### Exercise aim
For the records that follow, please set down exactly the lines between the one holding "by congr (_ + _); apply: eq_bigr => i _;" and the one holding "have yT : (map_mx toC x)^T *m invmx U = y^t*.", inclusive, and only those.

### Task input
+ + + +

Lemma cvg_onb_seriesP (c : nat -> R) :
  cvg (series (fun k => c k *: hb k) @ \oo) <->
  cvgn (series (fun k => c k ^+ 2 * `|hb k| ^+ 2)).
Proof.
rewrite -!cauchy_cvgP !cauchy_seriesP.
have blockE m n : `|\sum_(m <= k < n) c k ^+ 2 * `|hb k| ^+ 2| =
    `|\sum_(m <= k < n) c k *: hb k| ^+ 2.
  by rewrite -(pythagoras hip hon) ger0_norm ?sqr_ge0.
split=> cauchy e e0.
- have := cauchy (Num.sqrt e); rewrite sqrtr_gt0 e0 => /(_ isT).
  apply: filterS => n lt_sqrt.
  by rewrite blockE -(sqr_sqrtr (ltW e0)) ltr_pXn2r ?nnegrE ?sqrtr_ge0.
- have := cauchy _ (exprn_gt0 2 e0); apply: filterS => n.
  by rewrite blockE ltr_pXn2r ?nnegrE ?normr_ge0 ?ltW.
Qed.

Lemma onb_series_normE (c : nat -> R) l :
  series (fun k => c k *: hb k) @ \oo --> l ->
  `|l| ^+ 2 = limn (series (fun k => c k ^+ 2 * `|hb k| ^+ 2)).
Proof.
move=> Sl; apply/esym/cvg_lim => //.
have -> : series (fun k => c k ^+ 2 * `|hb k| ^+ 2) =
    (fun n => `|series (fun k => c k *: hb k) n| ^+ 2).
  by apply/funext => n; rewrite /series /= (pythagoras hip hon).
by rewrite expr2; under eq_fun do rewrite expr2; apply: cvgM; apply: cvg_norm.
Qed.

Lemma onb_dominated_cvg (c : nat -> R) (u : nat -> nat -> R) :
  cvgn (series (fun k => c k ^+ 2 * `|hb k| ^+ 2)) ->
  (forall k, u ^~ k @ \oo --> c k) -> (forall n k, `|u n k - c k| <= `|c k|) ->
  (fun n => \sum_(k < n) u n k *: hb k) @ \oo -->
    limn (series (fun k => c k *: hb k)).
Proof.
move=> cw uc dom; set S := series _.
have errE n : \sum_(k < n) u n k *: hb k - S n = \sum_(k < n) (u n k - c k) *: hb k.
  by rewrite /S /series /= big_mkord -sumrB; apply: eq_bigr => k _; rewrite scalerBl.
have err_sqr0 : (fun n => `|\sum_(k < n) (u n k - c k) *: hb k| ^+ 2) @ \oo --> 0.
  have errN n : `|\sum_(k < n) (u n k - c k) *: hb k| ^+ 2 =
      \sum_(k < n) (u n k - c k) ^+ 2 * `|hb k| ^+ 2.
    by have := pythagoras hip hon (fun k => u n k - c k) 0 n; rewrite !big_mkord.
  under eq_fun do rewrite errN.
  apply: (@tannery _ (fun n k => (u n k - c k) ^+ 2 * `|hb k| ^+ 2) _ _ cw)
    => [n k|k].
    rewrite mulr_ge0 ?sqr_ge0 //= ler_wpM2r ?sqr_ge0 //.
    rewrite -(real_normK (num_real (u n k - c k))) -(real_normK (num_real (c k))).
    by rewrite lerXn2r ?nnegrE ?normr_ge0.
  have -> : 0 = (c k - c k) ^+ 2 * `|hb k| ^+ 2 :> R by rewrite subrr expr2 !mul0r.
  apply: cvgM; last exact: cvg_cst.
  rewrite expr2; under eq_fun do rewrite expr2.
  by apply: cvgM; apply: cvgB => //; exact: cvg_cst.
have err0 : (fun n => \sum_(k < n) u n k *: hb k - S n) @ \oo --> 0.
  have normE (x : H) : `|x| = Num.sqrt (`|x| ^+ 2) by rewrite sqrtr_sqr normr_id.
  apply: norm_cvg0; under eq_fun do rewrite errE normE.
  by rewrite -sqrtr0; apply: (continuous_cvg _ (@sqrt_continuous R 0)).
rewrite -[X in _ --> X]add0r.
under eq_fun => n do rewrite -(subrK (S n) (\sum_(k < n) u n k *: hb k)).
by apply: cvgD => //; apply/cvg_onb_seriesP.
Qed.

End OrthonormalSeries.

Section SimpleFunctions.
Context {R : realType} {d : measure_display} {T : measurableType d}.

Lemma simple_fun_HD {H : normedModType R} (f g : T -> H) :
  simple_fun_H f -> simple_fun_H g -> simple_fun_H (f \+ g).
Proof.
move=> [n [B [x [mB ->]]]] [m [C [y [mC ->]]]].
exists (n + m)%N,
  (fun i => match fintype.split i with inl j => B j | inr j => C j end),
  (fun i => match fintype.split i with inl j => x j | inr j => y j end); split.
  by move=> i; case: fintype.split.
apply/funext => z; rewrite big_split_ord /=.
by congr (_ + _); apply: eq_bigr => i _;
  rewrite ?(unsplitK (inl _)) ?(unsplitK (inr _)).
Qed.
Lemma sym_calculusV g : (forall i, g (sym_eigval i) != 0) ->
  invmx (sym_calculus g) = sym_calculus (fun t => (g t)^-1).
Proof.
move=> g_neq0.
have gK : sym_calculus g *m sym_calculus (fun t => (g t)^-1) = 1%:M.
  rewrite sym_calculusM -sym_calculus1; congr (_ *m diag_mx _ *m _).
  by apply/rowP => i; rewrite !mxE mulfV.
have [g_unit _] := mulmx1_unit gK.
by rewrite -[invmx _]mulmx1 -gK mulmxA mulVmx // mul1mx.
Qed.

Lemma sym_form_calculus (X : 'M[R]_m) g x : map_mx toC X = sym_calculus g ->
  (x^T *m X *m x) 0 0 = \sum_i sym_weight x i * g (sym_eigval i).
Proof.
move=> XE; apply: complexI.
have -> : toC ((x^T *m X *m x) 0 0) = ((map_mx toC x)^T *m sym_calculus g *m map_mx toC x) 0 0.
  by rewrite -XE map_trmx -!map_mxM [in RHS]mxE.
set y := U *m map_mx toC x.
have yT : (map_mx toC x)^T *m invmx U = y^t*.
  rewrite invmx_unitary ?spectral_unitarymx // /y trmx_mul map_mxM; congr (_ *m _).
  by apply/matrixP => i j; rewrite !mxE; exact/esym/toC_conj.
rewrite /sym_calculus !mulmxA yT -mulmxA -/y mul_mx_diag mxE rmorph_sum.
apply: eq_bigr => i _; rewrite rmorphM /= sym_weightE normCK !mxE.
by rewrite [LHS]mulrC mulrA.
Qed.

Lemma sym_weight_sum x : \sum_i sym_weight x i = \sum_i x i 0 ^+ 2.
Proof.
have := @sym_form_calculus 1%:M (fun=> 1) x; rewrite map_mx1 sym_calculus1 mulmx1 => /(_ erefl).
under [in X in _ = X -> _]eq_bigr do rewrite mulr1.
by move=> <-; rewrite mxE; apply: eq_bigr => i _; rewrite !mxE expr2.
Qed.

Hypothesis symS : S^T = S.

Let Sc_herm : Sc \is hermsymmx.
Proof.
apply/is_hermitianmxP; rewrite expr0 scale1r.
by apply/matrixP => i j; rewrite !mxE toC_conj -[in LHS]symS mxE.
Qed.

Lemma sym_calculus_id : Sc = sym_calculus id.
Proof.
rewrite {1}(orthomx_spectralP (hermitian_normalmx Sc_herm)) /sym_calculus.
congr (_ *m diag_mx _ *m _); apply/rowP => i; rewrite mxE /sym_eigval RRe_real //.
exact: (mxOverP (hermitian_spectral_diag_real Sc_herm)).
Qed.

Lemma sym_calculus_affine a b :
  map_mx toC (a%:M + b *: S) = sym_calculus (fun t => a + b * t).
Proof.
rewrite map_mxD map_scalar_mx map_mxZ sym_calculus_id /sym_calculus.
rewrite [X in _ = _ *m diag_mx X *m _]
  (_ : _ = const_mx (toC a) + toC b *: \row_i toC (sym_eigval i)).
  rewrite linearD linearZ /= diag_const_mx mulmxDr mulmxDl mul_mx_scalar.
  by rewrite -scalemxAl (mulVmx U_unit) scalemx1 -!scalemxAr -scalemxAl.
by apply/rowP => i; rewrite !mxE rmorphD rmorphM.
Qed.

Lemma sym_eigvalP i : eigenvalue S (sym_eigval i).
Proof.
rewrite -(eigenvalue_map toC); apply/eigenvalueP; exists (row i U).
  rewrite -row_mul [X in U *m X]sym_calculus_id /sym_calculus !mulmxA (mulmxV U_unit) mul1mx.
  by rewrite mul_diag_mx; apply/rowP => j; rewrite !mxE.
apply/negP => /eqP row0.
have /matrixP /(_ i i) := unitarymxP (spectral_unitarymx Sc).
rewrite !mxE eqxx /= big1; first by move/eqP; rewrite eq_sym oner_eq0.
by move=> k _; move/rowP: row0 => /(_ k); rewrite !mxE => ->; rewrite mul0r.
Qed.

Lemma sym_form x : (x^T *m S *m x) 0 0 = \sum_i sym_weight x i * sym_eigval i.
Proof. exact: sym_form_calculus x sym_calculus_id. Qed.

Section Resolvent.
Variables (mu a : R).
Hypothesis denom_neq0 : forall i, mu + a * sym_eigval i != 0.
Local Notation M := (mu%:M + a *: S).

Let map_invM : map_mx toC (invmx M) = sym_calculus (fun t => (mu + a * t)^-1).
Proof. by rewrite map_invmx sym_calculus_affine sym_calculusV. Qed.

Lemma sym_form_resolvent x :
  (x^T *m invmx M *m x) 0 0 = resolvent_sum (sym_weight x) sym_eigval mu 0 a.
Proof.
rewrite (sym_form_calculus x map_invM); apply: eq_bigr => i _.
by rewrite expr0 mul1r expr1.
Qed.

+ + + +

### Output for this exercise
by congr (_ + _); apply: eq_bigr => i _;
  rewrite ?(unsplitK (inl _)) ?(unsplitK (inr _)).
Qed.
Lemma sym_calculusV g : (forall i, g (sym_eigval i) != 0) ->
  invmx (sym_calculus g) = sym_calculus (fun t => (g t)^-1).
Proof.
move=> g_neq0.
have gK : sym_calculus g *m sym_calculus (fun t => (g t)^-1) = 1%:M.
  rewrite sym_calculusM -sym_calculus1; congr (_ *m diag_mx _ *m _).
  by apply/rowP => i; rewrite !mxE mulfV.
have [g_unit _] := mulmx1_unit gK.
by rewrite -[invmx _]mulmx1 -gK mulmxA mulVmx // mul1mx.
Qed.

Lemma sym_form_calculus (X : 'M[R]_m) g x : map_mx toC X = sym_calculus g ->
  (x^T *m X *m x) 0 0 = \sum_i sym_weight x i * g (sym_eigval i).
Proof.
move=> XE; apply: complexI.
have -> : toC ((x^T *m X *m x) 0 0) = ((map_mx toC x)^T *m sym_calculus g *m map_mx toC x) 0 0.
  by rewrite -XE map_trmx -!map_mxM [in RHS]mxE.
set y := U *m map_mx toC x.
have yT : (map_mx toC x)^T *m invmx U = y^t*.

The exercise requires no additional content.